● Stored data
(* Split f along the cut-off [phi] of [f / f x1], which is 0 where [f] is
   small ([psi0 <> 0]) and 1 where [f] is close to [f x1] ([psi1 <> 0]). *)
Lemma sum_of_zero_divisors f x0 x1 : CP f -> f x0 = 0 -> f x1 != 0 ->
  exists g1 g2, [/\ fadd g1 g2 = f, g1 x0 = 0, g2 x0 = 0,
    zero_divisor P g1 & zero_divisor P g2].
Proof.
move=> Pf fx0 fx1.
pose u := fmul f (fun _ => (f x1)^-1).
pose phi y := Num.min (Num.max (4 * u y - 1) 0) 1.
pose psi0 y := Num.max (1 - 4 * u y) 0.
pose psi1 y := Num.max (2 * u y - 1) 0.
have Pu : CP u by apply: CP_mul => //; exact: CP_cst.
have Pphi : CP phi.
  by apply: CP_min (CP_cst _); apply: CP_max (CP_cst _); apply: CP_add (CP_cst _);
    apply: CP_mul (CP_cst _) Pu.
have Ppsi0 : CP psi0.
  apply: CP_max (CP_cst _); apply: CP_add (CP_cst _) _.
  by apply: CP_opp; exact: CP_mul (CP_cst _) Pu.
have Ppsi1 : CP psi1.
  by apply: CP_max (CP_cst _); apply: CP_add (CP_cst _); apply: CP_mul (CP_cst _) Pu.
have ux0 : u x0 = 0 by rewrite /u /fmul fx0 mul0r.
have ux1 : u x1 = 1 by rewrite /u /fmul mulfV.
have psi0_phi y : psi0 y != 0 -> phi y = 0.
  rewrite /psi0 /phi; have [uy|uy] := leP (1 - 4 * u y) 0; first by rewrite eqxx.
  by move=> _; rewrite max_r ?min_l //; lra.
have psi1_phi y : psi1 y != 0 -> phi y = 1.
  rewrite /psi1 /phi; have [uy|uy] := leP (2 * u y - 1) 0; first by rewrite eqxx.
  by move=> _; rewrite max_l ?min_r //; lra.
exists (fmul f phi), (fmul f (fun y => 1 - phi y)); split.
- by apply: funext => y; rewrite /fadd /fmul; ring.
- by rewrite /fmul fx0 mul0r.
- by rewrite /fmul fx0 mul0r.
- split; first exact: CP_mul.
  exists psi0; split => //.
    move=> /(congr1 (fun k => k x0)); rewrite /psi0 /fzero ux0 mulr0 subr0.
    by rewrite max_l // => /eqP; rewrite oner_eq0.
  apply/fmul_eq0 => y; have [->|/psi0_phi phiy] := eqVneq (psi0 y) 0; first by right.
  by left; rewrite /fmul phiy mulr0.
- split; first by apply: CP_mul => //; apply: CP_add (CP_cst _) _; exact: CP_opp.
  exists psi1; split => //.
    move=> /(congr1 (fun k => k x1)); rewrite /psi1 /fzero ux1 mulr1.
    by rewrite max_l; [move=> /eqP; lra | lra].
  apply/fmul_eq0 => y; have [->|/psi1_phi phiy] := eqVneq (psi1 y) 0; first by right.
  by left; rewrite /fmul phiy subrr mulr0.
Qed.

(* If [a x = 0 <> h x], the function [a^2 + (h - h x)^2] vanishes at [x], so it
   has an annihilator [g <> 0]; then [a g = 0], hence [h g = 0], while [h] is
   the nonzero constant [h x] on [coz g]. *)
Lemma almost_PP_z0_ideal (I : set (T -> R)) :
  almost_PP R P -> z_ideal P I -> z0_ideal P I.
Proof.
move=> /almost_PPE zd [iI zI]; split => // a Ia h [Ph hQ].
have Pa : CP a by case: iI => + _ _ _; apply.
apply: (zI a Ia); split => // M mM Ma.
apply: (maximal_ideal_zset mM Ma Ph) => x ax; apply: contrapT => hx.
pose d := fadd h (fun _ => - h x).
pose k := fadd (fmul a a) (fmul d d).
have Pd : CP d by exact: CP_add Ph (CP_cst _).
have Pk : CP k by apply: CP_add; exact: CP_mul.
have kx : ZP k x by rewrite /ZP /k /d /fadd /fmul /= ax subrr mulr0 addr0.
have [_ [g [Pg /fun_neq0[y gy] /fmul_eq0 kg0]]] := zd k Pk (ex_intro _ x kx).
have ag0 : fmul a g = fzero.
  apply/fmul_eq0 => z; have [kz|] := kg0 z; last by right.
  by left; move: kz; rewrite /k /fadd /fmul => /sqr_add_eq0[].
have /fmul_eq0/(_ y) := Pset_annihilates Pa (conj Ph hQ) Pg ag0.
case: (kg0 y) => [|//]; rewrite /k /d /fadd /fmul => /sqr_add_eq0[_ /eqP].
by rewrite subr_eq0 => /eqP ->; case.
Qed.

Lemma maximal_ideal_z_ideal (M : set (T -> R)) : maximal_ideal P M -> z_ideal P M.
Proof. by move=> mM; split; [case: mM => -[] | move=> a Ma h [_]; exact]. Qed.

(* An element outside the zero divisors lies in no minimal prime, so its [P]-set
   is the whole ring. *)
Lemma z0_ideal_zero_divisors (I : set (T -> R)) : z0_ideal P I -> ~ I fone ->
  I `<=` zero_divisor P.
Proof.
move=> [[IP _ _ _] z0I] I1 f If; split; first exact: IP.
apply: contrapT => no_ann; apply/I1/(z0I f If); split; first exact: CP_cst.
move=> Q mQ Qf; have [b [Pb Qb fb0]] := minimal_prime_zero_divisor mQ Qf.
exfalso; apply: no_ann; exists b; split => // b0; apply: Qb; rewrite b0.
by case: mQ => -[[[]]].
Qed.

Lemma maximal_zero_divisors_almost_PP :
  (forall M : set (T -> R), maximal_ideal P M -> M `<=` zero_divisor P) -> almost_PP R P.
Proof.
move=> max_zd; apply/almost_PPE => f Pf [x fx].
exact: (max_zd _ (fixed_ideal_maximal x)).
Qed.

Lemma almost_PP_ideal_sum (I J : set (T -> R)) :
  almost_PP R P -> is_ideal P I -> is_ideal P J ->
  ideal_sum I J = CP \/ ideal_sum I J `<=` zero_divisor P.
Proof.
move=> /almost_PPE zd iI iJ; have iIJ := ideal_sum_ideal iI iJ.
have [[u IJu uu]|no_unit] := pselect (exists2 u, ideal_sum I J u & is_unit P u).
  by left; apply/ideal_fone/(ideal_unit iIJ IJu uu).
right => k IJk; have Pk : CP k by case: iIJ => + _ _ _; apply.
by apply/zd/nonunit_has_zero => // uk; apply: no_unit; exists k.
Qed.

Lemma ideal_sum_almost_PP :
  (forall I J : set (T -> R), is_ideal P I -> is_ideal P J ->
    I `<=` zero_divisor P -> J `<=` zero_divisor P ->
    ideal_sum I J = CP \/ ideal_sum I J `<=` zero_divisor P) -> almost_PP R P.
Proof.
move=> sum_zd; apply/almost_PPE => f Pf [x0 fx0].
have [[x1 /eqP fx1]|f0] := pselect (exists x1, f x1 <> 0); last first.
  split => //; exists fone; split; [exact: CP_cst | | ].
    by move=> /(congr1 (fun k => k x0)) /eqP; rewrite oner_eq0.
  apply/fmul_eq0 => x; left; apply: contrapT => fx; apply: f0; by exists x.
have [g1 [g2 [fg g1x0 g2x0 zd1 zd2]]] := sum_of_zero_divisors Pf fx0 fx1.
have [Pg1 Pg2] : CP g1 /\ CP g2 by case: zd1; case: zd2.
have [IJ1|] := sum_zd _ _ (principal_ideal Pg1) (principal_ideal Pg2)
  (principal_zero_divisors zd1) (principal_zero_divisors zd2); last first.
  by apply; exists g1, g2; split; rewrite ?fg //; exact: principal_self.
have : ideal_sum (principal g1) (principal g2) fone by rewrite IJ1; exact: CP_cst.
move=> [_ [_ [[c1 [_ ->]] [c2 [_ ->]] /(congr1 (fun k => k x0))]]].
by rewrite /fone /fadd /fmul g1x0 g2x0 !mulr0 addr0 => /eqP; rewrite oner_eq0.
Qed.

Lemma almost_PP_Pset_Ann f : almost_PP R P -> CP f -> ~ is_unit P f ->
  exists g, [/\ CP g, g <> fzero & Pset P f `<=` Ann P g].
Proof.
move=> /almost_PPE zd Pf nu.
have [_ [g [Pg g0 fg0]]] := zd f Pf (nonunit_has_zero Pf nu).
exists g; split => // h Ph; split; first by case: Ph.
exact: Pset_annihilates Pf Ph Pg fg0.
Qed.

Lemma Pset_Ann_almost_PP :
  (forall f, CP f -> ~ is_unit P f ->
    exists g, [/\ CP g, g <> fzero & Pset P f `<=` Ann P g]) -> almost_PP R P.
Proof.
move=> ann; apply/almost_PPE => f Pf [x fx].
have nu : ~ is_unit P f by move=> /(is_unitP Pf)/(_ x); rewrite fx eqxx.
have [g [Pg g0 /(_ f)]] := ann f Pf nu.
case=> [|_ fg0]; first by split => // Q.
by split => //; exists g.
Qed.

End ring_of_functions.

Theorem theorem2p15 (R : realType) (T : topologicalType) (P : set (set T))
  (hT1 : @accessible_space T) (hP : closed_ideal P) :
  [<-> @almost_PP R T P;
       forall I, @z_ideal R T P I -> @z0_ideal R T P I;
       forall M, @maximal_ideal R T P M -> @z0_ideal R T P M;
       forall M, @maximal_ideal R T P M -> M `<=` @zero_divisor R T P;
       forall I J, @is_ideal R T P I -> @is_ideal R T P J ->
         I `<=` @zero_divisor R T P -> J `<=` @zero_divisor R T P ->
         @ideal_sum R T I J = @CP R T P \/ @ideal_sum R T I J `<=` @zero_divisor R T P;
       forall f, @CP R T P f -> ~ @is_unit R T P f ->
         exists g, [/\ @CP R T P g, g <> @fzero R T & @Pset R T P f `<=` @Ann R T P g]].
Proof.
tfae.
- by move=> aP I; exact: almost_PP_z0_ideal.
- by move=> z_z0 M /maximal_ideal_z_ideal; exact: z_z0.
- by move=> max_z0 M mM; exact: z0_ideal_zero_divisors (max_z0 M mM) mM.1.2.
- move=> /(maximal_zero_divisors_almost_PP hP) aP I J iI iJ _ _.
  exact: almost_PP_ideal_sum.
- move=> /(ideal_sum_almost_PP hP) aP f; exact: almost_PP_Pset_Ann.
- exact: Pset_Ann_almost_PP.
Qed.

● TASK DETAILS
Taking the records above, retype every line from the one with "have ag0 : fmul a g = fzero." down to the one with "(* An element", exactly and with nothing else.

● WRITTEN RESPONSE
have ag0 : fmul a g = fzero.
  apply/fmul_eq0 => z; have [kz|] := kg0 z; last by right.
  by left; move: kz; rewrite /k /fadd /fmul => /sqr_add_eq0[].
have /fmul_eq0/(_ y) := Pset_annihilates Pa (conj Ph hQ) Pg ag0.
case: (kg0 y) => [|//]; rewrite /k /d /fadd /fmul => /sqr_add_eq0[_ /eqP].
by rewrite subr_eq0 => /eqP ->; case.
Qed.

Lemma maximal_ideal_z_ideal (M : set (T -> R)) : maximal_ideal P M -> z_ideal P M.
Proof. by move=> mM; split; [case: mM => -[] | move=> a Ma h [_]; exact]. Qed.

(* An element outside the zero divisors lies in no minimal prime, so its [P]-set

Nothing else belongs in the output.